In this emergency situation, we realized anew that the Cold War system of division on the Korean Peninsula is a serious threat to peace and life globally. Fortunately, during this same period, people’s yearning for justice, peace, and democracy, exemplified by the Candlelight Civil Revolution, rose to political prominence in the Republic of Korea. Emerging from this revolution, President Moon Jae‐in’s government initiated a new dialogue with North Korea. The PyeongChang Winter Olympics served to increase the momentum.
From the April 27 Panmunjom Inter‐Korean summit, to the June 12 Singapore U.S. & North Korea summit, to the September 19 Pyongyang Joint Declaration, North Korea and South Korea and the U.S. have been moving toward declaring the end of the Korean War and resolving hostile relations among them, as well as denuclearization, and fostering a peace regime on the Korean Peninsula.
Since the 10th Assembly of the World Council of Churches (WCC) held in Busan in 2013, the WCC and the international ecumenical movement have renewed their 30‐year long commitment to the search for peace and reunification on the Korean Peninsula. This has been done in accord with the WCC’s 1984 Tozanso Consultation. The WCC and the international ecumenical movement have intensified their commitment to accompanying the peace efforts of the Korean Christian Federation (KCF) in the Democratic People’s Republic of Korea (DPRK) and the National Council of Churches in the Republic of Korea (NCCK). They have continued their advocacy for an end to the Korean War through the replacement of the armistice agreement with a peace treaty. An important instrument for this ecumenical engagement has been and continues to be the Ecumenical Forum for Peace, Reunification, and Development Cooperation on the Korean Peninsula (EFK). The EFK was formed in 2006 with wide participation from international church bodies, including the WCC, the Christian Conference of Asia (CCA), and The United Methodist Church(UMC). The EFK has the dual purposes of strengthening ecumenical participation in the efforts for peace and reunification on the Korean Peninsula and North‐East Asia, and of promoting effective ecumenical development cooperation in North Korea.

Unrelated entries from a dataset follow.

(* Let $\phi$ be an instance of \textsc{Max (2,3)-SAT} with $n$ variables and let $T_\phi$ be the tournament instance constructed from $\phi$ as described in the context. If $\phi$ admits an assignment that satisfies at least $k$ clauses, then $T_\phi$ has a seeding whose tournament value is at least $k+n$.
   Context: Tournament model: players form a finite set of size $2^{n'}$ totally ordered by strength (stronger beats weaker). A seeding is a bijection $\sigma$ from players to $[2^{n'}]$. In round $r=1,\dots,n'$, for each block of seed positions $\{(k-1)2^r+1,\dots,k2^r\}$, the winner $a$ of its first half $\{(k-1)2^r+1,\dots,(k-1)2^r+2^{r-1}\}$ plays the winner $b$ of its second half (a single-position block is won by the player seeded there), the stronger one wins the block, and the game has value $v(a,b)$ (values do not depend on the round). The tournament value is the sum of values of all games played. \textsc{Max (2,3)-SAT} instance: a CNF formula $\phi$ with variables $x_1,\dots,x_n$ and clauses $c_1,\dots,c_m$, each clause having exactly two literals and each variable appearing in at most three clauses. Construction of $T_\phi$: let $n'$ be the smallest integer with $16n\le 2^{n'}$ and $p=2^{n'}-16n$. Players: for each $i\in[n]$, variable players $x_i,x_i^T,x_i^F$ and special players $\widehat d_i,d_i,\widetilde d_i$; for each clause $c$, a clause player $c$; dummy players $f_1,\dots,f_{10n+p-m}$. Strength order (strongest first): $\widehat d_1>d_1>\widetilde d_1>\widehat d_2>d_2>\widetilde d_2>\dots>\widehat d_n>d_n>\widetilde d_n>x_1>x_1^T>x_1^F>\dots>x_n>x_n^T>x_n^F>c_1>\dots>c_m>f_1>\dots>f_{10n+p-m}$. Round-oblivious symmetric game values ($v(a,b)=v(b,a)$): for each $i$, $v(x_i,x_i^T)=v(x_i,x_i^F)=1$; for each clause $c$ containing a literal of variable $x$, $v(c,x^T)=1$ if $x$ appears non-negated in $c$ and $v(c,x^F)=1$ if it appears negated; for each $i$, $v(d_i,\widehat d_i)=v(d_i,\widetilde d_i)=v(d_i,x_i)=0$; for each $i$ and every player $Y$ for which the pair value has not been set above, $v(d_i,Y)=v(x_i,Y)=-5$; all remaining pairs have value $0$. Thus the values lie in $\{0,1,-5\}$. *)

From mathcomp Require Import all_boot all_order all_algebra.
Set Implicit Arguments. Unset Strict Implicit. Unset Printing Implicit Defensive.
Import Order.TTheory GRing.Theory Num.Theory.

(* Seed positions are 0-indexed: position j (0 <= j < 2^n') corresponds to
   seed j+1 of the paper.  [s j] is the player seeded at position j.
   Block k of round r is {k*2^r, ..., (k+1)*2^r - 1}; its first half is
   block 2k of round r-1 and its second half is block 2k+1 of round r-1.
   [rank] measures strength: smaller rank = stronger. *)
Section Tournament.
Variables (P : Type) (rank : P -> nat) (v : P -> P -> int) (s : nat -> P).

Fixpoint winner (r k : nat) : P :=
  match r with
  | 0 => s k
  | r'.+1 =>
      let a := winner r' k.*2 in
      let b := winner r' k.*2.+1 in
      if rank a < rank b then a else b
  end.

Definition tournament_value (n' : nat) : int :=
  (\sum_(1 <= r < n'.+1) \sum_(0 <= k < 2 ^ (n' - r))
      v (winner r.-1 k.*2) (winner r.-1 k.*2.+1))%R.
End Tournament.

(* a literal is (variable, negated?) ; a clause is a pair of literals *)
Definition literal (n : nat) := ('I_n * bool)%type.
Definition clause (n : nat) := (literal n * literal n)%type.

Growing out of the respective peace efforts of the WMC, KMC, and UMC in collaboration with the WCC, the Roundtable for Peace on the Korean Peninsula was formed officially in 2016 at the World Methodist Conference in Houston, Texas, with a focus on playing a consolidating and unifying role for the global Methodist church as it promotes peace for Korea. At the second Roundtable held in Seoul, March 2017, the WMC, KMC, and UMC united around a threefold agenda: 1) to construct and promote a theology of peace and reconciliation, 2) to deepen the church role as part of the realization of a peace treaty, 3) to collaborate further with the DPRK on humanitarian projects.

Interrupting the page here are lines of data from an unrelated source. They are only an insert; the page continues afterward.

(* For every $n\geq 1$, $s_n\equiv t_n \pmod 2$.
   Context: Rectangulations are combinatorial equivalence classes of tilings of the unit square by axis-parallel rectangles, where two tilings are equivalent if a homeomorphism of the square fixing the four corners and preserving horizontality and verticality of segments takes one to the other. $t_n$ is the number of rectangulations with exactly $n$ tiles, and $s_n$ is the number of rectangulations with exactly $n$ tiles that are fixed by the natural action of the dihedral group $D_8$ of symmetries of the square. *)

From Stdlib Require Import Reals List Arith.
Import ListNotations.
Open Scope R_scope.

Definition pt := (R * R)%type.

Record rect := mkRect { rx0 : R; rx1 : R; ry0 : R; ry1 : R }.

Definition in_rect (r : rect) (p : pt) : Prop :=
  rx0 r <= fst p <= rx1 r /\ ry0 r <= snd p <= ry1 r.

Definition in_interior (r : rect) (p : pt) : Prop :=
  rx0 r < fst p < rx1 r /\ ry0 r < snd p < ry1 r.

Definition in_sq (p : pt) : Prop := 0 <= fst p <= 1 /\ 0 <= snd p <= 1.

Definition tiling (n : nat) (T : list rect) : Prop :=
  length T = n /\
  (forall r, In r T -> 0 <= rx0 r < rx1 r /\ rx1 r <= 1 /\
                       0 <= ry0 r < ry1 r /\ ry1 r <= 1) /\
  (forall p, in_sq p -> exists r, In r T /\ in_rect r p) /\
  (forall i j d, (i < length T)%nat -> (j < length T)%nat -> i <> j ->
     forall p, ~ (in_interior (nth i T d) p /\ in_interior (nth j T d) p)).

Definition on_bd (T : list rect) (p : pt) : Prop :=
  exists r, In r T /\ in_rect r p /\ ~ in_interior r p.

Definition dist2 (p q : pt) : R :=
  Rmax (Rabs (fst p - fst q)) (Rabs (snd p - snd q)).

Definition cont_on_sq (f : pt -> pt) : Prop :=
  forall p, in_sq p -> forall eps, 0 < eps -> exists del, 0 < del /\
    forall q, in_sq q -> dist2 p q < del -> dist2 (f p) (f q) < eps.

Definition homeo_sq (f : pt -> pt) : Prop :=
  (forall p, in_sq p -> in_sq (f p)) /\ cont_on_sq f /\
  exists g : pt -> pt,
    (forall p, in_sq p -> in_sq (g p)) /\ cont_on_sq g /\
    (forall p, in_sq p -> g (f p) = p) /\ (forall q, in_sq q -> f (g q) = q).

Definition fixes_corners (f : pt -> pt) : Prop :=
  f (0, 0) = (0, 0) /\ f (1, 0) = (1, 0) /\ f (0, 1) = (0, 1) /\ f (1, 1) = (1, 1).

(* Combinatorial equivalence: a corner-fixing homeomorphism of the square
   taking every tile of T1 onto a tile of T2 and taking horizontal
   (resp. vertical) segments of the tiling to horizontal (resp. vertical)
   segments. *)
Definition equiv_tiling (T1 T2 : list rect) : Prop :=
  exists f : pt -> pt,
    homeo_sq f /\ fixes_corners f /\
    (forall r, In r T1 -> exists r', In r' T2 /\
       forall q, in_rect r' q <-> exists p, in_rect r p /\ f p = q) /\
    (forall p q, in_sq p -> in_sq q -> snd p = snd q ->
       (forall t, 0 <= t <= 1 -> on_bd T1 (fst p + t * (fst q - fst p), snd p)) ->
       snd (f p) = snd (f q)) /\
    (forall p q, in_sq p -> in_sq q -> fst p = fst q ->
       (forall t, 0 <= t <= 1 -> on_bd T1 (fst p, snd p + t * (snd q - snd p))) ->
       fst (f p) = fst (f q)).

(* The dihedral group D_8 of the square: an element is encoded by
   (sw, fx, fy): first reflect x -> 1-x if fx, then y -> 1-y if fy,
   then swap the coordinates if sw.  These are the 8 symmetries. *)
Definition d8 := (bool * bool * bool)%type.

Definition act_rect (g : d8) (r : rect) : rect :=
  let '(sw, fx, fy) := g in
  let '(a, b) := if fx then (1 - rx1 r, 1 - rx0 r) else (rx0 r, rx1 r) in
  let '(c, d) := if fy then (1 - ry1 r, 1 - ry0 r) else (ry0 r, ry1 r) in
  if sw then mkRect c d a b else mkRect a b c d.

Definition act_tiling (g : d8) (T : list rect) : list rect := map (act_rect g) T.

Definition d8_fixed (T : list rect) : Prop :=
  forall g : d8, equiv_tiling (act_tiling g T) T.

(* k is the number of equivalence classes of n-tile tilings satisfying the
   (class-invariant) property P: there is a list of k pairwise inequivalent
   such tilings representing every class. *)
Definition num_classes (P : list rect -> Prop) (n k : nat) : Prop :=
  exists L : list (list rect),
    length L = k /\
    (forall T, In T L -> tiling n T /\ P T) /\
    (forall i j d, (i < length L)%nat -> (j < length L)%nat -> i <> j ->
        ~ equiv_tiling (nth i L d) (nth j L d)) /\
    (forall T, tiling n T -> P T -> exists T', In T' L /\ equiv_tiling T T').

Definition is_t (n t : nat) : Prop := num_classes (fun _ => True) n t.
Definition is_s (n s : nat) : Prop := num_classes d8_fixed n s.

From Stdlib Require Import Reals List Arith Lra Lia Classical ClassicalEpsilon Permutation.
Import ListNotations.
Open Scope R_scope.

(* Combinatorial equivalence is an equivalence relation on n-tile tilings; symmetry is the
   delicate part, since the inverse of an equivalence must again keep boundary segments
   horizontal and vertical.  There are finitely many classes: straightening both axes by
   increasing piecewise-linear homeomorphisms of [0, 1] that send the tile coordinates to
   fractions of bounded denominator makes every tiling equivalent to one from a fixed finite
   list.  The group D_8 acts on the classes and is generated by the involutions x -> 1 - x,
   y -> 1 - y and the diagonal reflection.  An involution of a finite set fixes as many points
   as the set has, mod 2; applying this to the three generators in turn (each preserves the
   fixed classes of the previous ones, as the generators commute up to conjugation) shows that
   the D_8-fixed classes are as many as all classes, mod 2. *)

(** * Continuous functions on an interval *)

Definition cont_on (k : R -> R) (a b : R) : Prop :=
  forall t, a <= t <= b -> forall eps, 0 < eps -> exists del, 0 < del /\
    forall s, a <= s <= b -> Rabs (t - s) < del -> Rabs (k t - k s) < eps.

The third Roundtable, held in Atlanta on November 9‐11, 2018, has sought to strengthen the church’s role of mediation in the matters of the normalization of DPRK‐USA relations, and in the denuclearization of the Korean Peninsula, alongside the church’s longstanding call for global denuclearization. Additionally, the Roundtable has dedicated renewed attention to truthfully acknowledging harms inflicted on all sides and how to work toward present healing.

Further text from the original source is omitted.